My diabetic cat is giving me high blood glucose numbers. As in nearly 400.

After several weeks of staying in the 200s or lower, I had the audacity to think that maybe I'd found the right dose: 1.7 units BID. Not 1.6 units. Not 1.8 units. But 1.7 units.

Now those dreaded high numbers are showing up again. High numbers can mean she's not getting enough insulin. Or high numbers can mean that she's getting too munch insulin. With Isabella, at this dose, I'm guessing that her body has decided it's too much. 1.7 is three tiny drops away from 2.0 units. The only thing that's been consistent about Isabella's diabetes these past months is that 2.0 units is too much. So, when I start getting close to 2 units, I pay very close attention - to the cat and to the numbers.

Sigh.
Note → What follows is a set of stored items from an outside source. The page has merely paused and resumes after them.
(* Let $a, b, n$ be positive integers with $b>1$, $n>1$ and $\gcd(r_b(n),a)=1$. Then the genus of $S_a(b,n)$ is \[\operatorname{g}(S_a(b,n)) = \frac{(n-1)\, b^n + (r_b(n) - 1)\, a}{2} = \frac{(n-1)\,b^n + a\sum_{j=1}^{n-1} b^j}{2}.\]
   Context: For $\ell \ge 1$, $r_b(\ell) = \sum_{j=0}^{\ell-1} b^j$, and $r_b(0)=0$. For $i \ge 1$, $a_i := r_b(n) + a\, r_b(i-1)$; $S_a(b,n)$ is the numerical semigroup generated by $\{a_i : i\ge 1\}$. The genus $\operatorname{g}(S)$ of a numerical semigroup $S$ is the cardinality of $\mathbb{N}\setminus S$. *)

From mathcomp Require Import all_boot.
Set Implicit Arguments. Unset Strict Implicit. Unset Printing Implicit Defensive.

Definition rb (b l : nat) : nat := \sum_(j < l) b ^ j.

Definition gen (a b n i : nat) : nat := rb b n + a * rb b i.-1.

Definition inS (a b n x : nat) : Prop :=
  exists s : seq nat, all (fun i => 0 < i) s /\ x = sumn [seq gen a b n i | i <- s].

(* "The genus of S is g": the complement N \ S is finite with exactly g
   elements, witnessed by a duplicate-free list enumerating it. *)
Definition has_genus (a b n g : nat) : Prop :=
  exists l : seq nat, uniq l /\ (forall x, x \in l <-> ~ inS a b n x) /\ size l = g.

(* Let R = r_b(n). For N < R let w(N) be the number of repunits r_b(j), j < n, in the
   greedy expansion of N. Adding one repunit and reducing modulo R raises w by at most one,
   so w(N) is the least number of repunits whose sum is congruent to N modulo R. As
   a_i = R + a r_b(i-1) and a is invertible modulo R, the least element of S_a(b,n)
   congruent to a N is w(N) R + a N, and the gaps of S_a(b,n) are counted residue class by
   residue class: g = sum_(N < R) (w(N) + floor(a N / R)). The first sum is computed by
   cutting [0, r_b(n+1)) = [0, b r_b(n)] into b blocks of length r_b(n); the second equals
   (a - 1)(R - 1)/2 by the symmetry N |-> R - N. *)

From mathcomp Require Import all_boot zify.

Set Implicit Arguments.
Unset Strict Implicit.
Unset Printing Implicit Defensive.

Lemma rb0 b : rb b 0 = 0. Proof. by rewrite /rb big_ord0. Qed.

Lemma rbS b l : rb b l.+1 = rb b l + b ^ l. Proof. by rewrite /rb big_ord_recr. Qed.

Lemma rbSr b l : rb b l.+1 = b * rb b l + 1.
Proof. by elim: l => [|l IH]; rewrite rbS ?rb0 ?muln0 // {1}IH rbS mulnDr expnS; lia. Qed.

Lemma rbD b i l : rb b (i + l) = rb b i + b ^ i * rb b l.
Proof.
elim: l => [|l IH]; first by rewrite addn0 rb0 muln0 addn0.
by rewrite addnS !rbS IH expnD; lia.
Qed.

Lemma rb_pred b n : 0 < n -> (rb b n).-1 = \sum_(1 <= j < n) b ^ j.
Proof. by move=> n_gt0; rewrite /rb -(big_mkord xpredT) big_ltn // expn0 add1n. Qed.

Lemma sum_ord_id m : (\sum_(i < m) i) * 2 = m * m.-1.
Proof.
elim: m => [|m IH]; first by rewrite big_ord0.
by rewrite big_ord_recr /= mulnDl IH; case: m {IH} => //= m; lia.
Qed.

Lemma sum_nat_blocks (F : nat -> nat) q R :
  \sum_(0 <= N < q * R) F N = \sum_(i < q) \sum_(0 <= r < R) F (i * R + r).
Proof.
elim: q => [|q IH]; first by rewrite mul0n big_ord0 big_geq.
rewrite big_ord_recr /= -IH mulSn addnC (@big_cat_nat _ _ _ (q * R)) ?leq_addr //=.
congr (_ + _); rewrite -{1}[q * R]add0n big_addn addKn.
by apply: eq_bigr => i _; rewrite addnC.
Qed.

Lemma divn_mul_pair a R i : coprime a R -> 0 < i < R ->
  (a * i) %/ R + (a * (R - i)) %/ R = a.-1.
Proof.
move=> co /andP[i_gt0 lt_i]; have R_gt0 : 0 < R by apply: leq_trans lt_i.
have mod_gt0 k : 0 < k < R -> 0 < (a * k) %% R.
  case/andP=> k_gt0 lt_k; rewrite lt0n -/(dvdn R (a * k)).
  by rewrite Gauss_dvdr 1?coprime_sym // gtnNdvd.
have t1_gt0 : 0 < (a * i) %% R by apply: mod_gt0; rewrite i_gt0.
have t2_gt0 : 0 < (a * (R - i)) %% R by apply: mod_gt0; lia.
have sumE : a * i + a * (R - i) = a * R by rewrite -mulnDr subnKC // ltnW.
(* The remainders lie in (0, R) and add up to a multiple of R, hence to R itself. *)
move: t1_gt0 t2_gt0 sumE (ltn_pmod (a * i) R_gt0) (ltn_pmod (a * (R - i)) R_gt0).
move: (divn_eq (a * i) R) (divn_eq (a * (R - i)) R).
move: (a * i) (a * (R - i)) => x y; move: (x %/ R) (y %/ R) (x %% R) (y %% R) => q1 q2 t1 t2.
nia.
Qed.

Lemma sum_mul_divn a R : coprime a R -> (\sum_(N < R) (a * N) %/ R) * 2 = a.-1 * R.-1.
Proof.
move=> co; case: R co => [|R] co; first by rewrite big_ord0 muln0.
rewrite -(big_mkord xpredT (fun N => (a * N) %/ R.+1)) big_ltn // muln0 div0n add0n.
rewrite muln2 -addnn {2}big_nat_rev -big_split /=.
rewrite (eq_big_nat _ _ (F2 := fun=> a.-1)) => [|i lt_i].
  by rewrite sum_nat_const_nat subn1 mulnC.
by rewrite -(divn_mul_pair co lt_i); congr (_ + _ %/ _); lia.
Qed.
I'll give her a half dose this evening. I'll bet that her blood glucose drops like a rock. And I'll bet that if I stick with the smaller dose for any length of time, her numbers will start creeping up and her dose will start creeping up until I'm back to 1.7 units. Where we'll stay until her body decides it's too much.
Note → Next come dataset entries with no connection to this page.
(* For any signature $\Sigma$ and any reduced $\Sigma$-forest $f$, the coproduct of $\mathbf N(T(\Sigma))$ satisfies $$\Delta E_f=\sum_{I_1,I_2\subseteq[\deg f]}[(I_1,I_2)\text{ is } f\text{-admissible}]\;E_{f(I_1)}\otimes E_{f(I_2)}.$$
   Context: $\mathbb K$ is a field of characteristic zero, $\mathbb N=\{0,1,2,\dots\}$, $[n]=\{1,\dots,n\}$, and $[P]$ is $1$ if $P$ holds and $0$ otherwise. A signature is a set $\Sigma$ with an arity map $|\cdot|:\Sigma\to\mathbb N$; $\Sigma(n)$ is the set of elements of arity $n$. A $\Sigma$-term is either the leaf $\bot$ or $s(t_1,\dots,t_n)$ with $s\in\Sigma(n)$ and $\Sigma$-terms $t_i$ (a planar rooted tree with internal nodes with $n$ children decorated by $\Sigma(n)$); its degree is its number of internal nodes, its arity $|t|$ its number of leaves. $T(\Sigma)$ is the free nonsymmetric operad on $\Sigma$: $t[t_1,\dots,t_{|t|}]$ grafts the root of $t_i$ onto the $i$-th leaf of $t$ (leaves numbered left to right), unit $\bot$. A $\Sigma$-forest is a finite word of terms, of degree the sum of the degrees; it is reduced if no term is $\bot$; $\mathrm{rd}(w)$ deletes the terms equal to $\bot$ from a word $w$ of terms. The internal nodes of a forest $f$ are identified with $1,\dots,\deg f$ by the left-to-right preorder traversal (terms taken from left to right). For a reduced forest $f$ and $I\subseteq[\deg f]$, the restriction $f(I)$ is the reduced forest obtained by keeping only the internal nodes of $f$ that are in $I$ (with their decorations and arities) and the edges between them: every child position of a kept node which is occupied in $f$ by a leaf or by a node not in $I$ becomes a leaf, each kept node whose parent is not kept (or which is a root) becomes the root of a new term, and the resulting terms are ordered by the preorder rank in $f$ of their roots. In particular $f(\emptyset)=\epsilon$. A pair $(I_1,I_2)$ is $f$-admissible if $I_1\sqcup I_2=[\deg f]$, every ancestor of a node in $I_1$ is in $I_1$, and every descendant of a node in $I_2$ is in $I_2$. $\mathbf N(T(\Sigma))$ is the $\mathbb K$-vector space with basis $E_f$, $f$ reduced $\Sigma$-forest, with product $E_{f_1}E_{f_2}=E_{f_1f_2}$ and coproduct the unique algebra morphism with $\Delta E_t=\sum E_{\mathrm{rd}(t')}\otimes E_{\mathrm{rd}(t_1\cdots t_{|t'|})}$ for terms $t\ne\bot$, summed over all $t',t_1,\dots,t_{|t'|}\in T(\Sigma)$ with $t=t'[t_1,\dots,t_{|t'|}]$ (with $E_{\mathrm{rd}(\bot)}=E_\epsilon$). *)

From HB Require Import structures.
From mathcomp Require Import all_boot all_order all_algebra.
From mathcomp Require Import boolp classical_sets fsbigop.

Set Implicit Arguments.
Unset Strict Implicit.
Unset Printing Implicit Defensive.
Import GRing.Theory.

Local Open Scope ring_scope.

(* A signature is a type S together with an arity map ar : S -> nat.        *)
(* Sigma-terms: planar rooted trees; [Leaf] is the leaf "bot", and          *)
(* [Node s ts] is s(t_1,...,t_n).  The arity constraint |ts| = ar s is      *)
(* imposed by the predicate [wf ar].                                         *)

Inductive term (S : Type) : Type :=
| Leaf : term S
| Node : S -> seq (term S) -> term S.
Arguments Leaf {S}.

HB.instance Definition _ (S : Type) := gen_eqMixin (term S).
HB.instance Definition _ (S : Type) := gen_choiceMixin (term S).

Definition forest (S : Type) := seq (term S).

Section Terms.
Variables (S : Type) (ar : S -> nat).

Definition isLeaf (t : term S) : bool := if t is Leaf then true else false.

Fixpoint wf (t : term S) : bool :=
  match t with
  | Leaf => true
  | Node s ts => (size ts == ar s) && all wf ts
  end.

Fixpoint deg (t : term S) : nat :=
  match t with
  | Leaf => 0
  | Node _ ts => (sumn (map deg ts)).+1
  end.

Definition degf (f : forest S) : nat := sumn (map deg f).

Fixpoint nleaves (t : term S) : nat :=
  match t with
  | Leaf => 1
  | Node _ ts => sumn (map nleaves ts)
  end.

Definition reduced (f : forest S) : bool := all (fun t => ~~ isLeaf t && wf t) f.

Definition rd (f : forest S) : forest S := [seq t <- f | ~~ isLeaf t].

(* Grafting t[t_1,...,t_k]: the i-th leaf of t (left to right) is replaced by
   t_i.  [graft_go t us] consumes the needed prefix of us and returns the rest. *)
Fixpoint graft_go (t : term S) (us : seq (term S)) : term S * seq (term S) :=
  match t with
  | Leaf => match us with [::] => (Leaf, [::]) | u :: us' => (u, us') end
  | Node s ts =>
    let fix gos (ts : seq (term S)) (us : seq (term S)) :=
        match ts with
        | [::] => ([::], us)
        | t1 :: ts' =>
          let r1 := graft_go t1 us in
          let r2 := gos ts' r1.2 in
          (r1.1 :: r2.1, r2.2)
        end in
    let r := gos ts us in (Node s r.1, r.2)
  end.

(* t[t_1, ..., t_{|t|}] (used only when size us = nleaves t) *)
Definition graft (t : term S) (us : seq (term S)) : term S := (graft_go t us).1.

(* Preorder numbering of internal nodes (0-based: node k here is node k+1  *)
(* of the paper), ancestors, restriction and admissibility.                 *)

(* For the term t whose root has preorder index n and whose proper ancestors
   are A, list (in preorder) for every internal node the list of its proper
   ancestors. *)
Fixpoint anc_go (A : seq nat) (n : nat) (t : term S) : seq (seq nat) :=
  match t with
  | Leaf => [::]
  | Node _ ts =>
    let fix gos (m : nat) (ts : seq (term S)) :=
        match ts with
        | [::] => [::]
        | u :: ts' => anc_go (n :: A) m u ++ gos (m + deg u) ts'
        end in
    A :: gos n.+1 ts
  end.

Fixpoint ancs_from (m : nat) (f : forest S) : seq (seq nat) :=
  match f with
  | [::] => [::]
  | t :: f' => anc_go [::] m t ++ ancs_from (m + deg t) f'
  end.

Definition is_anc (f : forest S) (i j : nat) : bool :=
  i \in nth [::] (ancs_from 0 f) j.

(* Restriction.  [restr_go P n t], for the term t whose root has preorder
   index n, returns (c, F) where c is the part of the restriction attached to
   the parent of the root of t (bot if the root is not kept), and F is the list
   (in preorder of roots) of the new terms whose roots lie strictly below. *)
Fixpoint restr_go (P : pred nat) (n : nat) (t : term S) : term S * forest S :=
  match t with
  | Leaf => (Leaf, [::])
  | Node s ts =>
    let fix gos (m : nat) (ts : seq (term S)) :=
        match ts with
        | [::] => [::]
        | u :: ts' => restr_go P m u :: gos (m + deg u) ts'
        end in
    let rs := gos n.+1 ts in
    if P n then (Node s (map fst rs), flatten (map snd rs))
    else (Leaf, flatten [seq rd [:: r.1] ++ r.2 | r <- rs])
  end.

Fixpoint restr_from (P : pred nat) (m : nat) (f : forest S) : forest S :=
  match f with
  | [::] => [::]
  | t :: f' =>
    let r := restr_go P m t in rd [:: r.1] ++ r.2 ++ restr_from P (m + deg t) f'
  end.

Definition in_set_nat (d : nat) (I : {set 'I_d}) (k : nat) : bool :=
  if (insub k : option 'I_d) is Some i then i \in I else false.

Definition restr (f : forest S) (I : {set 'I_(degf f)}) : forest S :=
  restr_from (in_set_nat I) 0 f.

Definition admissible (f : forest S) (I1 I2 : {set 'I_(degf f)}) : bool :=
  [&& [disjoint I1 & I2], [forall k : 'I_(degf f), (k \in I1) || (k \in I2)],
      [forall i : 'I_(degf f), forall j : 'I_(degf f),
          ((j \in I1) && is_anc f i j) ==> (i \in I1)] &
      [forall i : 'I_(degf f), forall j : 'I_(degf f),
          ((i \in I2) && is_anc f i j) ==> (j \in I2)]].

End Terms.

(* N(T(Sigma)) (+) N(T(Sigma)): an element is given by its coefficient     *)
(* function on the basis E_{g1} (x) E_{g2}, (g1, g2) pairs of forests.      *)

Section Coproduct.
Variables (K : fieldType) (S : Type) (ar : S -> nat).

Definition tensor := forest S -> forest S -> K.

(* product in N (x) N : (E_a (x) E_b)(E_c (x) E_d) = E_{ac} (x) E_{bd} *)
Definition tmul (x y : tensor) : tensor := fun g1 g2 =>
  \sum_(i < (size g1).+1) \sum_(j < (size g2).+1)
     x (take i g1) (take j g2) * y (drop i g1) (drop j g2).

Definition tunit : tensor := fun g1 g2 => (nilp g1 && nilp g2)%:R.

Definition decomp (t : term S) : set (term S * seq (term S)) :=
  [set p | [/\ wf ar p.1, all (wf ar) p.2, size p.2 = nleaves p.1
             & graft p.1 p.2 = t]].

(* Delta E_t = sum E_{rd(t')} (x) E_{rd(t_1 ... t_{|t'|})} *)
Definition DeltaT (t : term S) : tensor := fun g1 g2 : forest S =>
  (\sum_(p \in decomp t) (((rd [:: p.1] == g1) && (rd p.2 == g2))%:R : K))%R.

(* Delta extended as an algebra morphism: Delta E_{t1...tn} = prod Delta E_ti *)
Definition Delta (f : forest S) : tensor :=
  foldr (fun t acc => tmul (DeltaT t) acc) tunit f.

End Coproduct.

From HB Require Import structures.
From mathcomp Require Import all_boot all_order all_algebra.
From mathcomp Require Import boolp classical_sets fsbigop.
From mathcomp Require Import zify.
Import GRing.Theory.

Set Implicit Arguments.
Unset Strict Implicit.
Unset Printing Implicit Defensive.

(* A decomposition t = t'[t_1, ..., t_k] of a term is determined by the set
   of internal nodes of t lying in t'; these sets are exactly the sets of
   nodes closed under ancestors, and the decomposition is then the cut of t
   along that set, whose two sides are the restrictions of t to the set and
   to its complement.  Hence Delta E_t sums, over ancestor-closed sets I,
   E_{t(I)} (x) E_{t(complement I)}.  Since Delta is multiplicative and an
   ancestor-closed set of nodes of a forest is a union of such sets for its
   terms, the same holds for forests; finally the f-admissible pairs are
   exactly the pairs (I, complement of I) with I ancestor-closed. *)

(** * Boolean sequences and sums over subsets *)

Fixpoint bitseqs n : seq (seq bool) :=
  if n is n'.+1 then [seq x :: b | x <- [:: true; false], b <- bitseqs n']
  else [:: [::]].

Lemma mem_map_cons (x y : bool) b (s : seq (seq bool)) :
  (y :: b \in map (cons x) s) = (x == y) && (b \in s).
Proof.
apply/mapP/andP => [[b' Hb' [-> ->]] | [/eqP -> Hb]]; first by rewrite eqxx.
by exists b.
Qed.

Lemma mem_bitseqs n b : (b \in bitseqs n) = (size b == n).
Proof.
elim: n b => [|n IH] [|x b] //=.
  by rewrite !mem_cat; apply/negP; case/or3P => // /mapP [? _].
by rewrite !mem_cat !mem_map_cons IH; case: x; rewrite ?orbF.
Qed.

Lemma uniq_bitseqs n : uniq (bitseqs n).
Proof.
elim: n => //= n IH; rewrite cats0 cat_uniq !map_inj_uniq //; try by move=> ? ? [].
rewrite IH /= andbT; apply/hasPn => b /mapP [b' _ ->] /=.
by rewrite mem_map_cons.
Qed.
Around and around and around we go...

Tuesday, May 1, 2007

No Tresspassing?

It was what, two weeks ago, that I blogged about how I get blood from Isabella for her twice-a-day glucose tests?

Well, toss all that out the window, because things have changed. We have a new system now and it’s a lovely thing indeed.

A few weeks ago I started wondering why the folks on the Feline Diabetes Message Board always instruct newbies to poke between the vein and the outer rim of the cat’s ear. It makes sense to avoid the vein (pricking it releases a gusher of blood that’s nearly unstoppable. One shake of the cat’s head … and you’ll be wiping blood from the walls and every other conceivable surface), but why restrict the poke-able area to that tiny 1/8th inch margin? What about the rest of the ear? That whole, juicy part in the middle?

I’ve wielded the lancet freehand this whole time because I can’t accurately aim the lancet-launcher-pen thing at that teeny little margin. And, as I described before, Isabella finds my poking technique to be harsh. So you can understand why I was eyeing the middle of Isabella’s ears like a land-owner might survey an adjoining off-limits property.

Finally, I just asked the question. I posted a message to the Board asking why. Why not use the whole ear? Guess what: no one had an explanation. Not one single response had a reason that was good enough to convince me that it was anything other than “that’s just the way we do it.”

It was as if fences were torn down and the No Trespassing signs burned. I marched into that un-poked territory with great confidence – and – the lancet-launcher thing. Now that I didn’t have to aim so bloody carefully (oooo, that’s a bad pun!), I could use the launcher that Isabella so clearly preferred. No more shrieks from the cat. Blood drops are easily obtained and the whole process now takes about a minute.

I don’t have to wrap her in a blanket. I just plop her on the couch and she sits.

For freehand I was using a fine-tip lancet, the smallest I could find. With the launcher, I moved up to a fatter tip, but Isabella’s discomfort is still dramatically reduced. She flinches a little, but doesn’t move or run away. The whole change is so cool. I’m glad I broke tradition and tore downs those fences.

Only one thing hasn’t changed: I still wear leather gloves. It is, after all, Isabella, she-devil of diabetic cats.